Mr. Frank Comparetto, Jr.

Attorney General of Florida — Opinion
February 28, 2001

RE: MUNICIPALITIES — CHARTER — REFERENDUM — amendment of post 1973 municipal charter must be approved by referendum. s. 166.031, Fla. Stat.

Amendment of municipal charter, referendum

Robert A. Butterworth Attorney General

Mr. Frank Comparetto, Jr. Mulberry City Attorney 114 North Tennessee Avenue Suite 204 Lakeland, Florida 33801-4659

Dear Mr. Comparetto:

On behalf of the City Commission of the City of Mulberry, you ask substantially the following question:

May the city commission amend the city charter, without a referendum, to remove a requirement that the city manager reside within the city?

In sum:

The city commission may amend its city charter, adopted in 1977, to remove a requirement that the city manager reside within the city only if such amendment is approved by referendum of the qualified electors of the municipality.

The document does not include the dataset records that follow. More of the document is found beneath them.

Lemma state_inv_progress s :
  state_inv s -> (exists b, s = Ret n m b) \/ exists s', step D phi s s'.
Proof.
case: s => [i A phiA psiDef|A phiA psiDef tau C|b]; last by left; exists b.
- move=> [le_im _ _]; right; have [lt_im|] := ltnP i m.
    pose j := Ordinal lt_im; pose X := (UV m @: D j) :|: A.
    have [[psi psi_def]|undef] := classic (has_definition (chi phi phiA) (EV n j) X).
      by eexists; apply: step_define psi_def.
    have [xi [sat_e sat_ne]] := undefinable_witness undef.
    by eexists; apply: step_arbiter undef sat_e sat_ne.
  move=> le_mi; have -> : i = m by apply/eqP; rewrite eqn_leq le_im le_mi.
  by eexists; apply: step_phase2.
- move=> [_ A_def _ _]; right.
  have [[sigma cex]|no_cex] :=
    classic (sat (FAnd (FNot (phiF phi)) (FAnd psiDef (term tau A)))); last first.
    by eexists; apply: step_true.
  pose rho := [seq (tau a, a) | a <- enum A] ++
              [seq (sigma (UV m x), UV m x) | x <- enum 'I_n].
  have rho_lits : all (fun l => l \in rho) rho by apply/allP.
  have rho_unsat := phase2_core A_def cex.
  pose C' := [seq (~~ l.1, l.2) | l <- rho & l.2 \in A] :: C.
  have [[tau' tau'_C']|unsat_C'] := classic (sat (cnf C')).
    by eexists; apply: step_refine cex rho_lits rho_unsat tau'_C'.
  by eexists; apply: step_false cex rho_lits rho_unsat unsat_C'.
Qed.

Definition cnf_models (C : seq (clause V)) : {set {set V}} :=
  [set t : {set V} | eval (fun v => v \in t) (cnf C)].

(* Phase 1 is ordered lexicographically by (m - i, #|V| - #|A|); its values
   all exceed those of phase 2, which are bounded by #|{set V}|.+1. *)
Definition potential (s : state n m) : nat :=
  match s with
  | Phase1 i A _ _ => #|{set V}|.+2 + (m - i) * #|V|.+1 + (#|V|.+1 - #|A|)
  | Phase2 _ _ _ _ C => #|cnf_models C|.+1
  | Ret _ => 0
  end.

The Mulberry City Charter requires that the city manager reside within the city during his or her tenure of office.[1] According to your letter, the city commission has expressed concern that this requirement may be too burdensome in locating a qualified city manager to work for the city. The commission is interested in amending the charter to allow the city manager to reside outside the city limits but within a designated “service area.” You have advised the city commission that a referendum may be necessary to effectuate this change in the charter; however, the city commission has requested that you seek an Attorney General Opinion on whether such a referendum is required.

Article VIII, section 2(a), Florida Constitution, provides that municipal charters may be amended pursuant to general or special law. The procedure for the amendment of a city charter adopted or readopted after the adoption of the Municipal Home Rule Powers Act in 1973, is provided in section 166.031, Florida Statutes. Section 166.031(1), Florida Statutes, states:

“The governing body of a municipality may, by ordinance, or the electors of a municipality may, by petition signed by 10 percent of the registered electors as of the last preceding municipal general election, submit to the electors of said municipality a proposed amendment to its charter, which amendment may be to any part or to all of said charter except that part describing the boundaries of such municipality. The governing body of the municipality shall place the proposed amendment contained in the ordinance or petition to a vote of the electors at the next general election held within the municipality or at a special election called for such purpose.”[2] (e.s.)

Subsection (1) of section 166.031, Florida Statutes, thus provides the method for amending municipal charters. If the proposed amendment receives the favorable vote of a majority of the municipal electors voting in the referendum, the governing body shall incorporate the amendment into the charter and file a copy of the revised charter with the Department of State, at which time the revised charter shall become effective.[3] Section 166.031(3), Florida Statutes, provides that a municipality may amend its charter as described above, even if the charter itself provides otherwise.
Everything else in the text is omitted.